Frederik Gollob (left), chairman of the European Chamber of Commerce in Hong Kong, talks to a visitor of ReThink 2021, a two-day expo and conference for sustainable development, on Oct 5 at the Hong Kong Convention and Exhibition Centre. (PHOTO PROVIDED TO CHINA DAILY)

Future links

The mainland’s ever-growing demand for goods and services has acted as a security blanket or buffer for Hong Kong, softening the crippling blow from COVID-19 that has disrupted the SAR’s supply chain. The mainland’s role in sustaining and beefing up trade exchanges between Hong Kong and Europe can’t be overlooked. “The Chinese mainland is one of the world’s biggest markets and, therefore, very appealing to European companies. The entire mainland and the Greater Bay Area have made Hong Kong an attractive place to do business,” says Gollob. But the pandemic has hindered collaboration between China and European companies.

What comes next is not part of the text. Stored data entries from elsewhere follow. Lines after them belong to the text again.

(* Let $G$ be a finite simple graph with at least one edge. Then $\mathrm{v}(I(G))\le\beta(G)$. Moreover, $\mathrm{v}(I(G))=\beta(G)$ if and only if every connected component of $G$ that has at least one edge is a star graph $K_{1,m}$ for some $m\ge1$.
   Context: For a graph $G$, $R=\mathbb{K}[V(G)]$ is the polynomial ring over a field $\mathbb{K}$ in the vertices, and $I(G)=(x_ix_j\mid\{x_i,x_j\}\in E(G))$ is the edge ideal. The v-number of a proper graded ideal $I\subseteq R$ is $\mathrm{v}(I)=\min\{d\ge0\mid\exists f\in R_d,\ \mathfrak p\in\mathrm{Ass}(I),\ I:(f)=\mathfrak p\}$. A vertex cover of $G$ is a set $C\subseteq V(G)$ meeting every edge; $\beta(G)$ is the minimum size of a vertex cover. The star graph $K_{1,m}$ has vertices $x_0,x_1,\ldots,x_m$ and edges $\{x_0,x_i\}$, $1\le i\le m$. *)

From HB Require Import structures.
From mathcomp Require Import all_boot all_order all_algebra.
From mathcomp Require Import mpoly.
Set Implicit Arguments. Unset Strict Implicit. Unset Printing Implicit Defensive.
Import GRing.Theory.
Local Open Scope ring_scope.

(* A graph on vertex set 'I_n = {x_0,...,x_{n-1}} is given by a relation e;
   it is a finite simple graph when e is symmetric and irreflexive. *)
Definition simple_graph (n : nat) (e : rel 'I_n) : Prop :=
  (forall x y, e x y = e y x) /\ (forall x, ~~ e x x).

Definition pset (K : fieldType) (n : nat) := {mpoly K[n]} -> Prop.

Definition edge_ideal (K : fieldType) (n : nat) (e : rel 'I_n) : pset K n :=
  fun f => exists g : 'I_n -> 'I_n -> {mpoly K[n]},
    f = \sum_(i < n) \sum_(j < n | e i j) g i j * ('X_i * 'X_j).

Definition is_ideal (K : fieldType) (n : nat) (P : pset K n) : Prop :=
  P 0 /\ (forall a b, P a -> P b -> P (a + b)) /\ (forall r a, P a -> P (r * a)).

Definition is_prime_ideal (K : fieldType) (n : nat) (P : pset K n) : Prop :=
  is_ideal P /\ ~ P 1 /\ (forall a b, P (a * b) -> P a \/ P b).

Definition colon (K : fieldType) (n : nat) (I : pset K n) (f : {mpoly K[n]}) : pset K n :=
  fun g => I (g * f).

Definition Ass (K : fieldType) (n : nat) (I : pset K n) (P : pset K n) : Prop :=
  is_prime_ideal P /\ exists f : {mpoly K[n]}, forall g, P g <-> colon I f g.

Definition vnum_at (K : fieldType) (n : nat) (I : pset K n) (d : nat) : Prop :=
  exists f : {mpoly K[n]}, f \is d.-homog /\
    exists P : pset K n, Ass I P /\ (forall g, colon I f g <-> P g).

Definition is_vnumber (K : fieldType) (n : nat) (I : pset K n) (v : nat) : Prop :=
  vnum_at I v /\ forall d, vnum_at I d -> (v <= d)%N.

Definition vertex_cover (n : nat) (e : rel 'I_n) (C : {set 'I_n}) : bool :=
  [forall i, forall j, e i j ==> (i \in C) || (j \in C)].

Definition beta (n : nat) (e : rel 'I_n) : nat :=
  \big[minn/n]_(C : {set 'I_n} | vertex_cover e C) #|C|.

Definition component (n : nat) (e : rel 'I_n) (x : 'I_n) : {set 'I_n} :=
  [set y | connect e x y].

Definition has_edge_in (n : nat) (e : rel 'I_n) (C : {set 'I_n}) : Prop :=
  exists y z, [/\ y \in C, z \in C & e y z].

(* The induced graph on C is a star K_{1,m} (m = #|C| - 1): some center c in C
   such that two vertices of C are adjacent iff exactly one of them is c.
   (m >= 1 is automatic once C contains an edge.) *)
Definition is_star_on (n : nat) (e : rel 'I_n) (C : {set 'I_n}) : Prop :=
  exists2 c, c \in C &
    forall y z, y \in C -> z \in C -> e y z = ((y == c) != (z == c)).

The EuroCham and the HKSAR government are still trying to “get the right policies and regulations in place” to allow European companies to practically and maximally exploit the Greater Bay Area’s potential, says Gollob. The ease of transportation and preferential policies supporting regular commutes between Hong Kong and other cities in the Greater Bay Area, and favorable policies concerning business and income taxation, are a step forward, allowing European companies to become fully engaged in the Greater Bay Area market.

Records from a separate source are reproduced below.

(* Let $N\ge2$, $n=\binom N2$, and for $y\in\mathcal{C}_n$ let $f(y)=\frac1N T(G_y)$, where $T(G)$ is the number of triangles in the graph $G$. Then $\mathcal{D}(f)\le 5n^{3/4}$ and $\mathrm{Lip}(f)\le1$.
   Context: Points $y=(y_{i,j})_{1\le i<j\le N}\in\{-1,1\}^{\binom N2}=\mathcal{C}_n$ are identified with graphs $G_y=([N],E)$ where $(i,j)\in E$ iff $y_{i,j}=1$. For $g:\mathcal{C}_n\to\mathbb{R}$, $\partial_{i} g(y)$ is half the difference of $g$ at $y$ with the $i$-th coordinate set to $+1$ and to $-1$; $\nabla g=(\partial_i g)_i$; $\mathrm{Lip}(g)=\max_{i,y}|\partial_i g(y)|$; $\mathbf{GW}(K)=\mathbb{E}\sup_{x\in K}\langle x,\Gamma\rangle$ with $\Gamma$ standard Gaussian in $\mathbb{R}^n$; $\mathcal{D}(g)=\mathbf{GW}(\{\nabla g(y):y\in\mathcal{C}_n\}\cup\{0\})$. *)

From HB Require Import structures.
From mathcomp Require Import all_boot all_order all_algebra.
From mathcomp Require Import all_classical all_reals all_analysis.
Set Implicit Arguments. Unset Strict Implicit. Unset Printing Implicit Defensive.
Import Order.TTheory GRing.Theory Num.Theory.
Local Open Scope ring_scope.

(* Coordinates of C_n: pairs (i,j) of vertices of [N] = 'I_N with i < j. *)
Definition edge (N : nat) := {e : 'I_N * 'I_N | (e.1 < e.2)%N}.

(* A point y of the cube {-1,1}^(N choose 2), encoded as a boolean finfun
   (true <-> +1, false <-> -1). *)
Definition cube (N : nat) := {ffun edge N -> bool}.

Definition adj N (y : cube N) (a b : 'I_N) : bool :=
  if @insub _ (fun e : 'I_N * 'I_N => (e.1 < e.2)%N) (edge N) (a, b) is Some e
  then y e else false.

Definition triangles N (y : cube N) : nat :=
  #|[set t : 'I_N * 'I_N * 'I_N |
      [&& (t.1.1 < t.1.2)%N, (t.1.2 < t.2)%N,
          adj y t.1.1 t.1.2, adj y t.1.1 t.2 & adj y t.1.2 t.2]]|.

Definition setc N (y : cube N) (e : edge N) (b : bool) : cube N :=
  [ffun e' => if e' == e then b else y e'].

Section Cube.
Variable R : realType.
(* Let $n\ge1$ and let $A_1,\dots,A_n$ be events in a probability space. Then for every $m\in\{0,1,\dots,n-1\}$, \[ \Pr\Big(\bigcup_{i=1}^n A_i\Big) \ge \frac{1}{n-m}\Bigg(\sum_{k=1}^m (-1)^{k-1}\frac{\binom mk}{\binom nk}\cdot\frac{nk-(m+1)(k-1)}{m-k+1}\sum_{1\le i_1<\dots<i_k\le n}\Pr(A_{i_1}\cap\dots\cap A_{i_k}) + (-1)^m\frac{m+1}{\binom nm}\sum_{1\le i_1<\dots<i_{m+1}\le n}\Pr(A_{i_1}\cap\dots\cap A_{i_{m+1}})\Bigg). \]
   Context: An empty sum (e.g. the first sum when $m=0$) equals $0$. *)

From Stdlib Require Import Reals List Arith.
Import ListNotations.
Open Scope R_scope.

Record prob_space (Omega : Type) := {
  measurable : (Omega -> Prop) -> Prop;
  Pr : (Omega -> Prop) -> R;
  meas_full : measurable (fun _ => True);
  meas_compl : forall E, measurable E -> measurable (fun w => ~ E w);
  meas_countable_union : forall F : nat -> Omega -> Prop,
      (forall i, measurable (F i)) -> measurable (fun w => exists i, F i w);
  Pr_nonneg : forall E, measurable E -> 0 <= Pr E;
  Pr_full : Pr (fun _ => True) = 1;
  Pr_sigma_additive : forall F : nat -> Omega -> Prop,
      (forall i, measurable (F i)) ->
      (forall i j w, i <> j -> F i w -> F j w -> False) ->
      infinite_sum (fun i => Pr (F i)) (Pr (fun w => exists i, F i w))
}.
Arguments measurable {Omega} _ _.
Arguments Pr {Omega} _ _.

(* All subsets of {0,...,n-1}, each as a strictly increasing list. *)
Fixpoint subsets (n : nat) : list (list nat) :=
  match n with
  | O => [ [] ]
  | S n' => subsets n' ++ map (fun s => s ++ [n']) (subsets n')
  end.

Definition ksubsets (n k : nat) : list (list nat) :=
  filter (fun s => Nat.eqb (length s) k) (subsets n).

Definition sumR (l : list R) : R := fold_right Rplus 0 l.

Definition inter {Omega : Type} (A : nat -> Omega -> Prop) (s : list nat) : Omega -> Prop :=
  fun w => forall i, In i s -> A i w.

Definition union_upto {Omega : Type} (A : nat -> Omega -> Prop) (n : nat) : Omega -> Prop :=
  fun w => exists i, (i < n)%nat /\ A i w.

Definition Sk {Omega : Type} (P : prob_space Omega) (A : nat -> Omega -> Prop) (n k : nat) : R :=
  sumR (map (fun s => Pr P (inter A s)) (ksubsets n k)).

(* Let p_j be the probability that exactly j of the events occur.  Then
   Pr(A_1 \/ ... \/ A_n) = sum_{j >= 1} p_j and S_k = sum_j C(j,k) p_j, so the
   bracket equals sum_j g_j p_j, where g_j is the bracket evaluated at
   S_k = C(j,k).  The alternating identity
     sum_k (-1)^k C(m,k) C(j,k) / C(n,k) = C(n-j,m) / C(n,m)
   gives g_0 = 0 and g_j = 1 + (j-1) C(n-j,m) / C(n,m) <= n - m for 1 <= j <= n. *)

From Stdlib Require Import Reals List Arith Lra Lia.
From Stdlib Require Import Classical FunctionalExtensionality PropExtensionality.
Import ListNotations.
Open Scope R_scope.

(* Unlike [C n k], [binom n k] vanishes for [k > n]. *)
Fixpoint binom (n k : nat) : nat :=
  match n, k with
  | _, O => 1%nat
  | O, S _ => 0%nat
  | S n', S k' => (binom n' k' + binom n' (S k'))%nat
  end.

Lemma binom_0_r n : binom n 0 = 1%nat.
Proof. now destruct n. Qed.

Lemma binom_SS n k : binom (S n) (S k) = (binom n k + binom n (S k))%nat.
Proof. reflexivity. Qed.

Lemma binom_small n : forall k, (n < k)%nat -> binom n k = 0%nat.
Proof.
  induction n as [|n IH]; intros [|k] Hk; try lia; [reflexivity|].
  rewrite binom_SS, !IH; lia.
Qed.

Lemma binom_pos n : forall k, (k <= n)%nat -> (0 < binom n k)%nat.
Proof.
  induction n as [|n IH]; intros [|k] Hk; rewrite ?binom_0_r; try lia.
  rewrite binom_SS. specialize (IH k). lia.
Qed.

Lemma binom_1_r n : binom n 1 = n.
Proof. induction n as [|n IH]; [reflexivity|]. rewrite binom_SS, binom_0_r, IH. lia. Qed.

Lemma binom_diag n : binom n n = 1%nat.
Proof. induction n as [|n IH]; [reflexivity|]. rewrite binom_SS, IH, binom_small; lia. Qed.

Lemma binom_mono_l a b k : (a <= b)%nat -> (binom a k <= binom b k)%nat.
Proof.
  induction 1 as [|b _ IH]; [lia|].
  destruct k; [rewrite !binom_0_r; lia|rewrite binom_SS; lia].
Qed.

Lemma binom_absorb a : forall k, (S k * binom (S a) (S k) = S a * binom a k)%nat.
Proof.
  induction a as [|a IH]; intros [|k].
  - reflexivity.
  - rewrite binom_SS, !binom_small by lia. lia.
  - rewrite binom_SS, binom_0_r, binom_1_r. lia.
  - rewrite (binom_SS (S a) (S k)), (binom_SS a k).
    pose proof (IH k) as Hk. pose proof (IH (S k)) as HSk.
    rewrite binom_SS in Hk. nia.
Qed.

Lemma binomR_absorb a k :
  INR (S k) * INR (binom (S a) (S k)) = INR (S a) * INR (binom a k).
Proof. rewrite <- !mult_INR. f_equal. apply binom_absorb. Qed.

Lemma binomR_succ_r a k :
  INR (S k) * INR (binom a (S k)) = (INR a - INR k) * INR (binom a k).
Proof.
  pose proof (f_equal INR (binom_absorb a k)) as H.
  rewrite binom_SS, !mult_INR, plus_INR, !S_INR in H.
  rewrite S_INR. nra.
Qed.

Lemma binomR_pos n k : (k <= n)%nat -> 0 < INR (binom n k).
Proof. intros H. now apply lt_0_INR, binom_pos. Qed.

Lemma C_binom n : forall k, (k <= n)%nat -> C n k = INR (binom n k).
Proof.
  assert (C_0_r : forall p, C p 0 = 1).
  { intros p. unfold C. rewrite Nat.sub_0_r. simpl. field. apply INR_fact_neq_0. }
  induction n as [|n IH]; intros [|k] Hk; try lia; rewrite ?C_0_r, ?binom_0_r; try reflexivity.
  destruct (Nat.eq_dec k n) as [->|Hkn].
  - unfold C. rewrite Nat.sub_diag, binom_diag. change (INR (fact 0)) with 1.
    rewrite Rmult_1_r. apply Rinv_r, INR_fact_neq_0.
  - rewrite <- pascal, !IH, binom_SS, plus_INR by lia. reflexivity.
Qed.

Fixpoint rsum (f : nat -> R) (N : nat) : R :=
  match N with O => 0 | S N' => rsum f N' + f N' end.

Lemma rsum_ext f g N : (forall i, (i < N)%nat -> f i = g i) -> rsum f N = rsum g N.
Proof. induction N; intros H; simpl; [reflexivity|]. rewrite IHN, H; auto. Qed.

Lemma rsum_plus f g N : rsum (fun i => f i + g i) N = rsum f N + rsum g N.
Proof. induction N; simpl; [lra|]. rewrite IHN; lra. Qed.

Lemma rsum_scal_l c f N : rsum (fun i => c * f i) N = c * rsum f N.
Proof. induction N; simpl; [lra|]. rewrite IHN; lra. Qed.

Lemma rsum_zero N : rsum (fun _ => 0) N = 0.
Proof. induction N; simpl; [lra|]. rewrite IHN; lra. Qed.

 As for future links in merchandise trade and investment, as well as commercial and business collaboration between Europe and Hong Kong, Gollob is positive about a long-term partnership and trade relationship. European companies generally adopt an upbeat attitude when it comes to tapping the mainland market and the Greater Bay Area, in particular.

The caveat, however, is that a positive picture can only emerge if the most pressing issues created by the pandemic can be fixed. The continuing travel restrictions (which interrupt business trips and commutes between Hong Kong and the mainland), as well as a disrupted global supply chain, have generated a lot of uncertainties. We have to find an answer to the problem and retain confidence in Hong Kong and the mainland from a European and international investor’s perspective, Gollob reckons.

 The EuroCham, he says, is obliged to “lubricate” conversations with the Hong Kong authorities and all stakeholders in Hong Kong, voice all the challenges that could deter European companies from doing business in Hong Kong and other Greater Bay Area cities, and proactively hammer out a solution through dialogue.